Every "My Content" section has gotten a "Create Tutorial/Challenge/etc." button, which opens a (hopefully) intuitive wizard.

Self-Service Content Access Control

From now on, content authors can share their content publicly (or with a limited group of users) in full self-service using a handy UI. Before that, it was a manual process that required me to push the "publish" button (more like to execute a DB update query, but we won't tell anyone 🙈).

Every author can share their content on social media, in their newsletter, or wherever they like with a direct link (e.g., https://labs.iximiuz.com/tutorials/my-awesome-tutorial).

Listing the published content in any of the platform's catalogs (a.k.a. "featuring") is also possible, but it remains a subject of my approval (mainly to ensure a certain level of content quality in the catalogs). Reach out if you want some extra exposure for your posts or challenges (just reply to this email or join our #author-experience channel).

Content Authoring Docs

Yay! Documentation!

• ​How to author Tutorials on iximiuz Labs​
• ​How to author Challenges on iximiuz Labs​
• ​How to author Skill Paths on iximiuz Labs​

Since I used iximiuz Labs to publish the docs 'cuz choosing any other solution would be a very bad look, the docs source itself serves as the documentation, so it's a good idea to check https://github.com/iximiuz/labs-content-samples out, too.

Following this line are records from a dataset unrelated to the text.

(* q is the density of the Levy measure Q(dx) = q(x) dx on (0,oo):
   nonnegative, measurable on (0,oo), and int_0^oo (1 /\ x) Q(dx) < oo. *)
Definition levy_density {R : realType} (q : R -> R) : Prop :=
  [/\ (forall x : R, 0 < x -> 0 <= q x),
      measurable_fun `](0:R), +oo[ q &
      (@lebesgue_measure R).-integrable `](0:R), +oo[
        (fun x => (Num.min 1 x * q x)%:E)].

Definition Qbar {R : realType} (q : R -> R) (x : R) : R :=
  Rintegral (@lebesgue_measure R) `[x, +oo[ q.

(* Laplace exponent of D_t = G_t + sigma B_t:
   phi_D(u) = - mu u + int_0^oo (e^{-ux} - 1) Q(dx) + u^2 sigma^2 / 2 *)
Definition phiD {R : realType} (mu sigma : R) (q : R -> R) (u : R) : R :=
  - (mu * u)
  + Rintegral (@lebesgue_measure R) `](0:R), +oo[
      (fun x => (expR (- (u * x)) - 1) * q x)
  + u ^+ 2 * sigma ^+ 2 / 2.

Definition trunc_laplace {R : realType} (q : R -> R) (a r : R) : R :=
  Rintegral (@lebesgue_measure R) `[a, +oo[ (fun x => expR (- (r * x)) * q x).

From mathcomp Require Import all_boot all_order all_algebra.
From mathcomp Require Import all_classical all_reals all_analysis.
From mathcomp Require Import lra ring.
From mathcomp Require Import measurable_realfun.
Import Order.TTheory GRing.Theory Num.Theory numFieldNormedType.Exports.
Local Open Scope classical_set_scope.
Local Open Scope ring_scope.
Set Implicit Arguments. Unset Strict Implicit.

(* Write [G_A(u) = int_A (1 - e^{-ux}) Q(dx)] and [P(u) = sigma^2 u^2 / 2 - mu u - delta];
   the Lundberg equation is [G_(0,oo)(rho) = P(rho)] and the n-th truncated one is
   [G_[1/n,oo)(rho_n) = P(rho_n)].  Since [G_A(u) / u] is nonincreasing (concavity
   of [1 - e^{-ux}]) while [P(u) / u] is strictly increasing, [G_A] and [P] cross
   at most once, and enlarging [A] moves the crossing to the right.  Hence [rho_n]
   is nondecreasing; it is bounded because [P] grows quadratically while [G] grows
   at most linearly, so it converges.  Its limit solves the Lundberg equation:
   [G_(0,oo)] is monotone in [u], and [G_[1/m,oo)] increases to [G_(0,oo)] by
   dominated convergence. *)

(* Shifted by one so that every [m : nat] gives a truncation [[1/(m+1), oo)]. *)
Local Notation "'cut' m" := `[(m.+1)%:R^-1, +oo[%classic (at level 10).

Lemma onem_expRN_ge0 (R : realType) (u x : R) : 0 <= u -> 0 <= x ->
  0 <= 1 - expR (- (u * x)).
Proof. by move=> u0 x0; rewrite subr_ge0 -expR0 ler_expR oppr_le0 mulr_ge0. Qed.

Lemma onem_expRN_le_min (R : realType) (u x : R) : 0 <= u -> 0 < x ->
  `|1 - expR (- (u * x))| <= (1 + u) * Num.min 1 x.
Proof.
move=> u0 x0; rewrite ger0_norm; last by rewrite onem_expRN_ge0 // ltW.
have e1 := expR_ge1Dx (- (u * x)); have e2 := expR_gt0 (- (u * x)).
have e3 : expR (- (u * x)) <= 1.
  by rewrite -subr_ge0 onem_expRN_ge0 // ltW.
rewrite /Num.min; case: ifPn => [x1|]; first nra.
by rewrite -leNgt => x1; nra.
Qed.

(* [(1 - e^-t) / t] is nonincreasing; this is convexity of [expR] on [[-t, 0]]. *)
Lemma chord_onem_expRN (R : realType) (s t : R) : 0 <= s -> s <= t ->
  s * (1 - expR (- t)) <= t * (1 - expR (- s)).
Proof.
move=> s0 st; have [t0|t0] := eqVneq t 0.
  have s0' : s = 0 by apply/le_anti; rewrite s0 -t0 st.
  by rewrite s0' t0 !mul0r.
have tpos : 0 < t by rewrite lt_neqAle eq_sym t0 (le_trans s0 st).
have h0 : 0 <= s / t by rewrite divr_ge0 // ltW.
have h1 : s / t <= 1 by rewrite ler_pdivrMr // mul1r.
have := @convex_expR R (Itv01 h0 h1) (- t) 0.
rewrite !convRE /= expR0 mulr0 addr0 mulrN divfK // /unstable.onem mulr1.
move=> /(ler_wpM2l (ltW tpos)).
have -> : t * (s / t * expR (- t) + (1 - s / t)) = s * expR (- t) + t - s.
  by field.
lra.
Qed.

Lemma measurable_expRNM (R : realType) (u : R) :
  measurable_fun setT (fun x : R => expR (- (u * x))).
Proof.
apply: measurableT_comp; first exact: measurable_expR.
by apply: measurable_funN; exact: mulrl_measurable.
Qed.

Lemma cut_sub_pos (R : realType) m : (cut m : set R) `<=` `](0:R), +oo[.
Proof. by move=> x; rewrite /= !in_itv /= !andbT; apply: lt_le_trans. Qed.

Lemma cut_subset (R : realType) n m : (n <= m)%N -> (cut n : set R) `<=` cut m.
Proof.
move=> nm x; rewrite /= !in_itv /= !andbT; apply: le_trans.
by rewrite lef_pV2 ?posrE ?ltr0n // ler_nat.
Qed.

Section LevyExponent.
Variables (R : realType) (q : R -> R).
Hypothesis lq : levy_density q.
Local Notation leb := (@lebesgue_measure R).
Local Notation pos := `](0:R), +oo[%classic.

Definition levy_exponent (A : set R) (u : R) : R :=
  Rintegral leb A (fun x => (1 - expR (- (u * x))) * q x).

Lemma q_ge0 x : 0 < x -> 0 <= q x.
Proof. by case: lq => q0 _ _; exact: q0. Qed.

Lemma gt0_of_sub_pos (A : set R) x : A `<=` pos -> A x -> 0 < x.
Proof. by move=> AD /AD; rewrite /= in_itv /= andbT. Qed.

Lemma levy_integrable (A : set R) (F : R -> R) (C : R) :
  measurable A -> A `<=` pos -> measurable_fun setT F ->
  (forall x, A x -> `|F x| <= C * Num.min 1 x) ->
  leb.-integrable A (EFin \o (fun x => F x * q x)).
Proof.
case: lq => _ mq iq mA AD mF FC.
apply: (@le_integrable _ _ _ leb A _ _ (fun x => (C%:E * (Num.min 1 x * q x)%:E)%E)).
- exact: mA.
- apply/measurable_EFinP; apply: measurable_funM; first exact: measurable_funS mF.
  exact: measurable_funS mq.
- move=> x Ax /=; have qx := q_ge0 (gt0_of_sub_pos AD Ax).
  rewrite lee_fin normrM (ger0_norm qx) (le_trans _ (ler_norm _)) //.
  by rewrite mulrA ler_wpM2r ?FC.
- apply: (@integrableS _ _ _ leb pos A) => //.
  exact: (integrableZl _ C iq).
Qed.

Lemma levy_exponent_integrable (A : set R) u : measurable A -> A `<=` pos -> 0 <= u ->
  leb.-integrable A (EFin \o (fun x => (1 - expR (- (u * x))) * q x)).
Proof.
move=> mA AD u0; apply: (levy_integrable (C := 1 + u)) => //.
- by apply: measurable_funB => //; exact: measurable_expRNM.
- by move=> x /(gt0_of_sub_pos AD); exact: onem_expRN_le_min.
Qed.

Lemma levy_exponent_integrableZ (A : set R) u c : measurable A -> A `<=` pos ->
  0 <= u -> leb.-integrable A (EFin \o (fun x => c * ((1 - expR (- (u * x))) * q x))).
Proof.
move=> mA AD u0.
apply: (@eq_integrable _ _ _ leb A _
  (EFin \o (fun x => (c * (1 - expR (- (u * x)))) * q x))) => [//||].
  by move=> x _ /=; rewrite mulrA.
apply: (levy_integrable (C := `|c| * (1 + u))) => //.
- by apply: measurable_funM => //; apply: measurable_funB => //; exact: measurable_expRNM.
- move=> x /(gt0_of_sub_pos AD) x0; rewrite normrM -mulrA ler_wpM2l //.
  exact: onem_expRN_le_min.
Qed.

Lemma levy_integrand_ge0 u x : 0 <= u -> 0 < x -> 0 <= (1 - expR (- (u * x))) * q x.
Proof. by move=> u0 x0; rewrite mulr_ge0 ?q_ge0 // onem_expRN_ge0 // ltW. Qed.

Lemma levy_exponent_subset (A B : set R) u : measurable A -> measurable B ->
  A `<=` B -> B `<=` pos -> 0 <= u -> levy_exponent A u <= levy_exponent B u.
Proof.
move=> mA mB AB BD u0; have AD := subset_trans AB BD.
rewrite /levy_exponent /Rintegral fine_le ?integrable_fin_num
  ?levy_exponent_integrable //.
apply: ge0_subset_integral => //; first exact/measurable_int/levy_exponent_integrable.
by move=> x /(gt0_of_sub_pos BD) x0; rewrite lee_fin levy_integrand_ge0.
Qed.

Lemma levy_exponent_le (A : set R) u v : measurable A -> A `<=` pos ->
  0 <= u -> u <= v -> levy_exponent A u <= levy_exponent A v.
Proof.
move=> mA AD u0 uv; have v0 := le_trans u0 uv.
apply: le_Rintegral => [//||| x /(gt0_of_sub_pos AD) x0];
  try exact: levy_exponent_integrable.
apply: ler_wpM2r; first exact: q_ge0.
by rewrite lerD2l lerN2 ler_expR lerN2 ler_wpM2r // ltW.
Qed.

Lemma levy_exponent_chord (A : set R) a b : measurable A -> A `<=` pos ->
  0 < a -> a <= b -> a * levy_exponent A b <= b * levy_exponent A a.
Proof.
move=> mA AD a0 ab; have b0 := ltW (lt_le_trans a0 ab).
rewrite /levy_exponent -!RintegralZl ?levy_exponent_integrable ?(ltW a0) //.
apply: le_Rintegral => [//||| x /(gt0_of_sub_pos AD) x0].
- exact: levy_exponent_integrableZ.
- by apply: levy_exponent_integrableZ => //; exact: ltW.
rewrite !mulrA ler_wpM2r ?q_ge0 // -(ler_pM2r x0) mulrAC [leRHS]mulrAC.
apply: chord_onem_expRN; first by rewrite mulr_ge0 // ltW.
by rewrite ler_wpM2r // ltW.
Qed.

Lemma levy_exponent_cut_cvg u : 0 <= u ->
  levy_exponent (cut m) u @[m --> \oo] --> levy_exponent pos u.
Proof.
move=> u0; pose f x := (1 - expR (- (u * x))) * q x.
have mpos : measurable pos by [].
have mcut m : measurable (cut m : set R) by exact: measurable_itv.
have cutD := @cut_sub_pos R.
have ipos := levy_exponent_integrable mpos (@subset_refl _ pos) u0.
pose f_ m := (EFin \o f) \_ (cut m).
have Ecut m : (levy_exponent (cut m) u)%:E = (\int[leb]_(x in pos) f_ m x)%E.
  rewrite -integral_mkcondr setIidr // fineK //.
  by rewrite integrable_fin_num // levy_exponent_integrable.
have Epos : (levy_exponent pos u)%:E = (\int[leb]_(x in pos) (EFin \o f) x)%E.
  by rewrite fineK // integrable_fin_num.
have f_cvg : {ae leb, forall x, pos x -> f_ ^~ x @ \oo --> (EFin \o f) x}.
  apply: aeW => x x0; have [N xN] : exists N : nat, x^-1 < N%:R.
    exists (Num.Def.archi_bound x^-1); apply: archi_boundP.
    by rewrite invr_ge0 ltW // (gt0_of_sub_pos (@subset_refl _ pos)).
  apply: cvg_near_cst; exists N => // n /= Nn.
  rewrite /f_ patchT // inE /= in_itv /= andbT invf_ple ?posrE ?ltr0n //.
    by rewrite (le_trans (ltW xN)) // ler_nat leqW.
  by rewrite (gt0_of_sub_pos (@subset_refl _ pos)).
have f_dom : {ae leb, forall x n, pos x -> (`|f_ n x| <= (EFin \o f) x)%E}.
  apply: aeW => x n /(gt0_of_sub_pos (@subset_refl _ pos)) x0.
  have fx0 : 0 <= f x by exact: levy_integrand_ge0.
  by rewrite /f_ /patch; case: ifP => _; rewrite ?abse0 lee_fin ?ger0_norm.
have mf_ n : measurable_fun pos (f_ n).
  apply: (measurable_funS _ (@subsetT _ pos)) => //.
  apply/(measurable_restrictT _ _).1 => //.
  exact: measurable_int (levy_exponent_integrable (mcut n) (cutD n) u0).
have [_ _ key] := @dominated_convergence _ _ _ leb pos mpos f_ (EFin \o f)
  (EFin \o f) mf_ (measurable_int _ ipos) f_cvg ipos f_dom.
by move: key; rewrite -Epos -(funext Ecut) => /fine_cvg.
Qed.

Lemma levy_exponent_Qbar a r : 0 < a -> 0 <= r ->
  levy_exponent `[a, +oo[ r = Qbar q a - trunc_laplace q a r.
Proof.
move=> a0 r0; have mA : measurable (`[a, +oo[ : set R) by exact: measurable_itv.
have AD : `[a, +oo[ `<=` pos.
  by move=> x; rewrite /= !in_itv /= !andbT; exact: lt_le_trans.
have minA x : `[a, +oo[%classic x -> 1 <= (1 + a^-1) * Num.min 1 x.
  rewrite /= in_itv /= andbT => ax; have x0 := lt_le_trans a0 ax.
  have : 1 <= x * a^-1 by rewrite ler_pdivlMr // mul1r.
  by rewrite /Num.min; case: ifP; nra.
rewrite /levy_exponent /Qbar /trunc_laplace -RintegralB //.
- by apply: eq_Rintegral => x _; rewrite mulrBl mul1r.
- apply: (@eq_integrable _ _ _ leb _ _ (EFin \o (fun x => 1 * q x))) => //.
    by move=> x _ /=; rewrite mul1r.
  apply: (levy_integrable (C := 1 + a^-1)) => // x /minA.
  by rewrite normr1.
- apply: (levy_integrable (C := 1 + a^-1)) => //; first exact: measurable_expRNM.
  move=> x Ax; apply: le_trans (minA _ Ax).
  have x0 := gt0_of_sub_pos AD Ax.
  by rewrite ger0_norm ?expR_ge0 // -subr_ge0 onem_expRN_ge0 // ltW.
Qed.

Markdown Support for Playgrounds

Custom playgrounds are also a form of content, so they deserve the same expressive powers as tutorials, skill paths, or challenges.

It's been possible to create your own playgrounds for a few months now, and I can see more than 100 of them in the DB. I chose a few of the most generic (and polished) ones for the recently added community catalog, and I also used my own Getting Started with Istio Playground to showcase the new markdown-powered description and the ability to upload static files (good fit for visuals but you can also use it to ship larger init scripts or even binaries with a custom playground).

Exposing HTTPS Services Running in Playgrounds

Exposing HTTP services running in playgrounds (a.k.a. "Expose Port" feature) has been available (almost) since day one, but this month, I finally added the ability to expose HTTPS targets.

​

I also fully reworked the "Expose Port" dialog:

• Added HTTP/HTTPS toggle
• Added (optional) Host header and Path rewrites
• Added a table with previously exposed ports (and their links) and the ability to un-expose them.

The CLI experience is also on par now - the recently added labclt expose (port|shell|ls|rm) family of commands allows you to spin up a new remote VM, launch a web app inside it, and publish it with a publicly accessible hostname in a matter of seconds and without leaving your terminal:

​

​

Start & Complete Buttons for Skill Paths

Last but not least, Skill Paths finally became first-class citizens of the platform. It is now possible to start following a skill path, and when all its units are completed, mark it as "done", with the corresponding progress reflected in your dashboard.

​

What I was streaming

Yay! A new category (let's see if it becomes a regular one).

After a short break, Kyle Quest and I recorded another episode of our Good Dockerfiles show. This time, we talked about the most typical Python application containerization gotchas.

​

The recording is rather long, but it's packed with practical advice and concrete examples of before and after Dockerfiles.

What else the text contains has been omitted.